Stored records
==================================================

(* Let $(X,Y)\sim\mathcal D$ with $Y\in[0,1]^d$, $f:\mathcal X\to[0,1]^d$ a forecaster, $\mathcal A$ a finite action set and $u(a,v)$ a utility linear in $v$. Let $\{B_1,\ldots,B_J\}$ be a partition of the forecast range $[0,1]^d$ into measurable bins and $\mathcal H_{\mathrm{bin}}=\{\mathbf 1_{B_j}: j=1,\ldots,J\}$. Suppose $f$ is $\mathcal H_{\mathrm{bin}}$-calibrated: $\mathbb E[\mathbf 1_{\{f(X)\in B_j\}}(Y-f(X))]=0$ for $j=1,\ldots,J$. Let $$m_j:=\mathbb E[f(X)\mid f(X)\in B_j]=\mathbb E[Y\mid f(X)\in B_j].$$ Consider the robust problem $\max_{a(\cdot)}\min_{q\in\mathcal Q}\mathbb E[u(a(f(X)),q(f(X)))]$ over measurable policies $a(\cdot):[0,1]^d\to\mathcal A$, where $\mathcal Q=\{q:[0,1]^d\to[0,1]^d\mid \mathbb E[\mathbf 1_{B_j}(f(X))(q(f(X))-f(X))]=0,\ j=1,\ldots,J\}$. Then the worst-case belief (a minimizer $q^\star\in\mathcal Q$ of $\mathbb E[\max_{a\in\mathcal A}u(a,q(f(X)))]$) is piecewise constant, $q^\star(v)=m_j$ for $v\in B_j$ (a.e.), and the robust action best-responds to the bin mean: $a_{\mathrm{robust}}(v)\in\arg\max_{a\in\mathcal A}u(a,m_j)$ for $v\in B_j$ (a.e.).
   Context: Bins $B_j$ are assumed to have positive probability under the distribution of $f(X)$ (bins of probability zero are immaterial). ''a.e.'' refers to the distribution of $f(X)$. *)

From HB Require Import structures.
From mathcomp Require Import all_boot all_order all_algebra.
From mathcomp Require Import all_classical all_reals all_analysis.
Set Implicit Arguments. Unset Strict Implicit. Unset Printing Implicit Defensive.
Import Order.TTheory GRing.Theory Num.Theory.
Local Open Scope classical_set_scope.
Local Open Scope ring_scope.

==================================================

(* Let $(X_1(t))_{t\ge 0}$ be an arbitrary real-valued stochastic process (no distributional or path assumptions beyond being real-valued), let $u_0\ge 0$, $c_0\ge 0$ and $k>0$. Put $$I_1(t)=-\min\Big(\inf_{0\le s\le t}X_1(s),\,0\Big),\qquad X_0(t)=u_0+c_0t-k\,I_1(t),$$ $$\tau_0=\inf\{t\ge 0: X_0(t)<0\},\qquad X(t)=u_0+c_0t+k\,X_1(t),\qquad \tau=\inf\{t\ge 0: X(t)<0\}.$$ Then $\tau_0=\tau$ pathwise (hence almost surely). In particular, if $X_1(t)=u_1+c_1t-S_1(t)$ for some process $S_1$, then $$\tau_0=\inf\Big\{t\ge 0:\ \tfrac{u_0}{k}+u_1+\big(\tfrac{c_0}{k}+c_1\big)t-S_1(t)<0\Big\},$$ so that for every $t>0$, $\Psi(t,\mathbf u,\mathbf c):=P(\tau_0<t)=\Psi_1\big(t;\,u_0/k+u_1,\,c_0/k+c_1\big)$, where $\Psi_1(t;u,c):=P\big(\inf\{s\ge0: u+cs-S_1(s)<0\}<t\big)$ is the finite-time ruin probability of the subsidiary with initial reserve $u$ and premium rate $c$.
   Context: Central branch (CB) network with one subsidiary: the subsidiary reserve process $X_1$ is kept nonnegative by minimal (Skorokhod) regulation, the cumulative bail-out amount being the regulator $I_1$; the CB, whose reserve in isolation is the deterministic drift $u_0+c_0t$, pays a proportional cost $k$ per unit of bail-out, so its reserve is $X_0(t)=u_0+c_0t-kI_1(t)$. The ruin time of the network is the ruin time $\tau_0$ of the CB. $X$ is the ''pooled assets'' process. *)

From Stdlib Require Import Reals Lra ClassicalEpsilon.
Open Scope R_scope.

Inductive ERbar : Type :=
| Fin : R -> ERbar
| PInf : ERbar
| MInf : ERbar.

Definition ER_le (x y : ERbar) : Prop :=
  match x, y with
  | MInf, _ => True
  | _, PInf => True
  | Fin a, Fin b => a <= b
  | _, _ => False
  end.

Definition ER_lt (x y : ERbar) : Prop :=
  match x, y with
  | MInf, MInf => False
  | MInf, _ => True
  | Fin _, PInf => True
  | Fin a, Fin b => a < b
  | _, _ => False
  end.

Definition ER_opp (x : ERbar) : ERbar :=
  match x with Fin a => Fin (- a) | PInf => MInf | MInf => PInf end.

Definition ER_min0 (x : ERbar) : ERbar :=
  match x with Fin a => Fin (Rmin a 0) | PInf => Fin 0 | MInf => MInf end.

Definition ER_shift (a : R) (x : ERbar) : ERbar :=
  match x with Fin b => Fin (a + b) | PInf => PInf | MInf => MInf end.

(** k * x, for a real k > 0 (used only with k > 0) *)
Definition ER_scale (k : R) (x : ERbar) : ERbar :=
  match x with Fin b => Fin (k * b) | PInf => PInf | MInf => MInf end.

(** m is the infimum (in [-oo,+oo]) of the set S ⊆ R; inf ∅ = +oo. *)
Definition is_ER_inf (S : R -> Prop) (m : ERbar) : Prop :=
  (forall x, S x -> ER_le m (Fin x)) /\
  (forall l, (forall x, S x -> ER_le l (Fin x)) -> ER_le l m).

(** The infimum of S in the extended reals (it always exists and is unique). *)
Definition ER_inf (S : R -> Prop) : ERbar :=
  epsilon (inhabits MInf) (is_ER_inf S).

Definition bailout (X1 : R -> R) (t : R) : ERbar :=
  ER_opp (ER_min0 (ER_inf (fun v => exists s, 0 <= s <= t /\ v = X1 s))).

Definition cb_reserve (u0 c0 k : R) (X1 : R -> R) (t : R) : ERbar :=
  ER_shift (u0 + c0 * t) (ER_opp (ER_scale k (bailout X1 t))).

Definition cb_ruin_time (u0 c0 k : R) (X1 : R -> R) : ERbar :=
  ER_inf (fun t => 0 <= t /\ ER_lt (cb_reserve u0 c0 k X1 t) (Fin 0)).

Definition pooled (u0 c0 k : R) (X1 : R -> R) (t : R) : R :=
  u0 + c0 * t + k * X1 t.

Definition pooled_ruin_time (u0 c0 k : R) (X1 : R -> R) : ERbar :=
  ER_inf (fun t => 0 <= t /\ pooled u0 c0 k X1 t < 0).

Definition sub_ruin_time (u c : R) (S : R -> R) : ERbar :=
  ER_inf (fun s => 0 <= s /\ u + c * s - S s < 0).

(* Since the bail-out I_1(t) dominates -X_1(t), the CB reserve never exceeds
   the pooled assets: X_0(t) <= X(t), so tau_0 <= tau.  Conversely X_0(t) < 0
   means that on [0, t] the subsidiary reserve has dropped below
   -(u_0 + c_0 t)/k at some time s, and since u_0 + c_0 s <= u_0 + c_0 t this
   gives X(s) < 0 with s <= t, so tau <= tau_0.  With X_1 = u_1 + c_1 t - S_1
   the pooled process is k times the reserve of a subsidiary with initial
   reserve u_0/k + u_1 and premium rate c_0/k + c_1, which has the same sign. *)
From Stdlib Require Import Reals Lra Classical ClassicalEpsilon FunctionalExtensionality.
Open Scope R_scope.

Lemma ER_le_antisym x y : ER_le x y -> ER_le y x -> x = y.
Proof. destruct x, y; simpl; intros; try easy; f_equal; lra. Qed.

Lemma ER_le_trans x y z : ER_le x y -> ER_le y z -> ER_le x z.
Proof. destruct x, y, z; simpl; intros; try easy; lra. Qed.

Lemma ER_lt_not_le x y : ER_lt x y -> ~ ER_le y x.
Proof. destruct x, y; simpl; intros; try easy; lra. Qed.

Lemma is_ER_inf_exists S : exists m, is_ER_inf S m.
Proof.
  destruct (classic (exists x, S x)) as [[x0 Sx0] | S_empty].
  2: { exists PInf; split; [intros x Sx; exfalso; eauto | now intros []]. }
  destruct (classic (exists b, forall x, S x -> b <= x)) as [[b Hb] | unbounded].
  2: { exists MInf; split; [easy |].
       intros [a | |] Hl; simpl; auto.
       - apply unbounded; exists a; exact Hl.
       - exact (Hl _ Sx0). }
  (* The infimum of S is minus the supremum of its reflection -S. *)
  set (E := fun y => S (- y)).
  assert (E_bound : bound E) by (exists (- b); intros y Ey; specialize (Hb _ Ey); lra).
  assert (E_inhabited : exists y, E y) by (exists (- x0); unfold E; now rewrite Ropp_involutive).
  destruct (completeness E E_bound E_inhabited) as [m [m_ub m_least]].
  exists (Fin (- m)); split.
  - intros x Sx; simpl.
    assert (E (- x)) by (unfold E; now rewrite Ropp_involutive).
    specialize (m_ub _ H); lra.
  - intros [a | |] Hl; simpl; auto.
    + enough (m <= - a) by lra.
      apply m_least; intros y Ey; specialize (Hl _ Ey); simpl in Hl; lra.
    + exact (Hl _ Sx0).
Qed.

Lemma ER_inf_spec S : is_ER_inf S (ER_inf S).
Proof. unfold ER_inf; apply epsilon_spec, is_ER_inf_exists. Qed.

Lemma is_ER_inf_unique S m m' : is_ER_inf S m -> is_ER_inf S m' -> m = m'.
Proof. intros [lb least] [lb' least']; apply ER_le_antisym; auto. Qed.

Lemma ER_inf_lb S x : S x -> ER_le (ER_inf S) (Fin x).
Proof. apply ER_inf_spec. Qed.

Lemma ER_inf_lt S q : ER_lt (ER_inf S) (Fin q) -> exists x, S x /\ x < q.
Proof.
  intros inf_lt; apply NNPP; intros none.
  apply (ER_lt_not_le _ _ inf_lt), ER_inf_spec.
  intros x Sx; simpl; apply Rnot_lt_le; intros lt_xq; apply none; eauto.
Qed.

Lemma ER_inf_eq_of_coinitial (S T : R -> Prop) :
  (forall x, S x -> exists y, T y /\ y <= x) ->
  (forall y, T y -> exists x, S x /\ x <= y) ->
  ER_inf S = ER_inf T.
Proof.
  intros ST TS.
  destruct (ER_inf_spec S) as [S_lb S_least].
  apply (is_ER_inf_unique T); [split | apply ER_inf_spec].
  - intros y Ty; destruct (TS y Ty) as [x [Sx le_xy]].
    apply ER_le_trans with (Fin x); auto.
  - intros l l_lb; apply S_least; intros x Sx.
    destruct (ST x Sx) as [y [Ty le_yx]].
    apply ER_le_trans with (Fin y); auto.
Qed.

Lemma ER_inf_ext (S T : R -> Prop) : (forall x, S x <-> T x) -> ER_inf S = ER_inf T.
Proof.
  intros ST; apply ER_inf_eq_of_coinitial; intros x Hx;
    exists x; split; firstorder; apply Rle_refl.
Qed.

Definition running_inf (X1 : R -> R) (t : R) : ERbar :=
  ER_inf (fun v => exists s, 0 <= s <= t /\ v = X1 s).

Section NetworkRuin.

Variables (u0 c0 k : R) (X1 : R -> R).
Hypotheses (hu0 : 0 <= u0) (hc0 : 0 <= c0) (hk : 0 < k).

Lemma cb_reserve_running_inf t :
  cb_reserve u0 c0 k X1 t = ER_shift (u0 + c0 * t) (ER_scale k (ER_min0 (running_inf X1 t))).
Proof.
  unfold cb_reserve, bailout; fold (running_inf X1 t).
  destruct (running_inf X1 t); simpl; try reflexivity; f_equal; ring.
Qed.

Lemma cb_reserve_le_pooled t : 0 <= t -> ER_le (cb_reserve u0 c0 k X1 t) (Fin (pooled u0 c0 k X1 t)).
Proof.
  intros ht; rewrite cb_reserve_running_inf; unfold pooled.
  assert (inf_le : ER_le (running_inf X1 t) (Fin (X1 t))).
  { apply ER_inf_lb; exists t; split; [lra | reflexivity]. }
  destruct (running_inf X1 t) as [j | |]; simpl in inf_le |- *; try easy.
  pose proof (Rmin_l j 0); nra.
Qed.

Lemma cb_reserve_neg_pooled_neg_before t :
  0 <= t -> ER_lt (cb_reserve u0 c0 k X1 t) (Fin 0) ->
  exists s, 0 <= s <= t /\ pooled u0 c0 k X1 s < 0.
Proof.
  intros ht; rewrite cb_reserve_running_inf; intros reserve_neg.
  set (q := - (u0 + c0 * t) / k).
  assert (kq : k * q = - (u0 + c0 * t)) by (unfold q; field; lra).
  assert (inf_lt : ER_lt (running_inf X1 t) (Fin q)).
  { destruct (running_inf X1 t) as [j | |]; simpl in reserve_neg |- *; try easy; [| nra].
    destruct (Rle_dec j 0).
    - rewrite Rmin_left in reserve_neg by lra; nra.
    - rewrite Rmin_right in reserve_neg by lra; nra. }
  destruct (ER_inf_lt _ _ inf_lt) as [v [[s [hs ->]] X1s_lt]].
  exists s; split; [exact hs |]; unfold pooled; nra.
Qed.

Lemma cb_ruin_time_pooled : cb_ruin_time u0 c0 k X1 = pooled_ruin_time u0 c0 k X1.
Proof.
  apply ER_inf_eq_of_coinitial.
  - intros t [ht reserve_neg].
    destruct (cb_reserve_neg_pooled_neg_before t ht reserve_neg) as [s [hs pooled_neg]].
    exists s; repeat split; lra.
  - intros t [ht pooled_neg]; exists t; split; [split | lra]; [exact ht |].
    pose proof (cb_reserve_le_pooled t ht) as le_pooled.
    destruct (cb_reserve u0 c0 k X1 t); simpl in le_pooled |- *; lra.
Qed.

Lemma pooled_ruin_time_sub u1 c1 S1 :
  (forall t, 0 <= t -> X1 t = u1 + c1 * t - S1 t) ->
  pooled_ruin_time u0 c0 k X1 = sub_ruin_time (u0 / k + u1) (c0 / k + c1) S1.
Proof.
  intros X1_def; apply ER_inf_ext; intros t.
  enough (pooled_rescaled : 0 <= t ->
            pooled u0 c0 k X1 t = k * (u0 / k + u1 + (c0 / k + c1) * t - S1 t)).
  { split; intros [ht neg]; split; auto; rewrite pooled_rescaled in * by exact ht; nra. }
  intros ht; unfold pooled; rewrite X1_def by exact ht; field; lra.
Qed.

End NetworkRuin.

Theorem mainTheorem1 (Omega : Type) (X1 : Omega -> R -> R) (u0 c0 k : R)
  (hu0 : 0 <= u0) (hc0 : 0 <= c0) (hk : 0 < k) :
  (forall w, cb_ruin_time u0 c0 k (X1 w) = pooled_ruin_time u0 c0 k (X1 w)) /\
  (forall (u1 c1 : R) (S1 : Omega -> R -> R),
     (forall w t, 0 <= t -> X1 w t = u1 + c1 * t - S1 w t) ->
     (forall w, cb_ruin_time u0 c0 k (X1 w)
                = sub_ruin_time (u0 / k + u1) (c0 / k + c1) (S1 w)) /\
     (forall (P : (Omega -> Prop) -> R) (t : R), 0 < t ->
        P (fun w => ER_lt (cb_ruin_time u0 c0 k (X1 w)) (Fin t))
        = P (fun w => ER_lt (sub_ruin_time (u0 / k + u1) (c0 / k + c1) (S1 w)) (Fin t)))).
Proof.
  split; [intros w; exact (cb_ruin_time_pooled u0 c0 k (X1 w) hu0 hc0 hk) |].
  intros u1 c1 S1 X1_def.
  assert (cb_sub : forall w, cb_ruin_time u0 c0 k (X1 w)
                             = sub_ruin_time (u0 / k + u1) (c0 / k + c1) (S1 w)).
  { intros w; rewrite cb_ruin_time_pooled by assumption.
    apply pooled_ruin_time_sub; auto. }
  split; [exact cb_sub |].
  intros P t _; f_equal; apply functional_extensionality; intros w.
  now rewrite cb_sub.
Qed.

==================================================

## Problem description
Restate word for word the entries above, starting at the line with "apply (is_ER_inf_unique T);" and ending at the line with "assert (inf_lt : ER_lt", inclusive, and no others.

## Problem solution
  apply (is_ER_inf_unique T); [split | apply ER_inf_spec].
  - intros y Ty; destruct (TS y Ty) as [x [Sx le_xy]].
    apply ER_le_trans with (Fin x); auto.
  - intros l l_lb; apply S_least; intros x Sx.
    destruct (ST x Sx) as [y [Ty le_yx]].
    apply ER_le_trans with (Fin y); auto.
Qed.

Lemma ER_inf_ext (S T : R -> Prop) : (forall x, S x <-> T x) -> ER_inf S = ER_inf T.
Proof.
  intros ST; apply ER_inf_eq_of_coinitial; intros x Hx;
    exists x; split; firstorder; apply Rle_refl.
Qed.

Definition running_inf (X1 : R -> R) (t : R) : ERbar :=
  ER_inf (fun v => exists s, 0 <= s <= t /\ v = X1 s).

Section NetworkRuin.

Variables (u0 c0 k : R) (X1 : R -> R).
Hypotheses (hu0 : 0 <= u0) (hc0 : 0 <= c0) (hk : 0 < k).

Lemma cb_reserve_running_inf t :
  cb_reserve u0 c0 k X1 t = ER_shift (u0 + c0 * t) (ER_scale k (ER_min0 (running_inf X1 t))).
Proof.
  unfold cb_reserve, bailout; fold (running_inf X1 t).
  destruct (running_inf X1 t); simpl; try reflexivity; f_equal; ring.
Qed.

Lemma cb_reserve_le_pooled t : 0 <= t -> ER_le (cb_reserve u0 c0 k X1 t) (Fin (pooled u0 c0 k X1 t)).
Proof.
  intros ht; rewrite cb_reserve_running_inf; unfold pooled.
  assert (inf_le : ER_le (running_inf X1 t) (Fin (X1 t))).
  { apply ER_inf_lb; exists t; split; [lra | reflexivity]. }
  destruct (running_inf X1 t) as [j | |]; simpl in inf_le |- *; try easy.
  pose proof (Rmin_l j 0); nra.
Qed.

Lemma cb_reserve_neg_pooled_neg_before t :
  0 <= t -> ER_lt (cb_reserve u0 c0 k X1 t) (Fin 0) ->
  exists s, 0 <= s <= t /\ pooled u0 c0 k X1 s < 0.
Proof.
  intros ht; rewrite cb_reserve_running_inf; intros reserve_neg.
  set (q := - (u0 + c0 * t) / k).
  assert (kq : k * q = - (u0 + c0 * t)) by (unfold q; field; lra).
  assert (inf_lt : ER_lt (running_inf X1 t) (Fin q)).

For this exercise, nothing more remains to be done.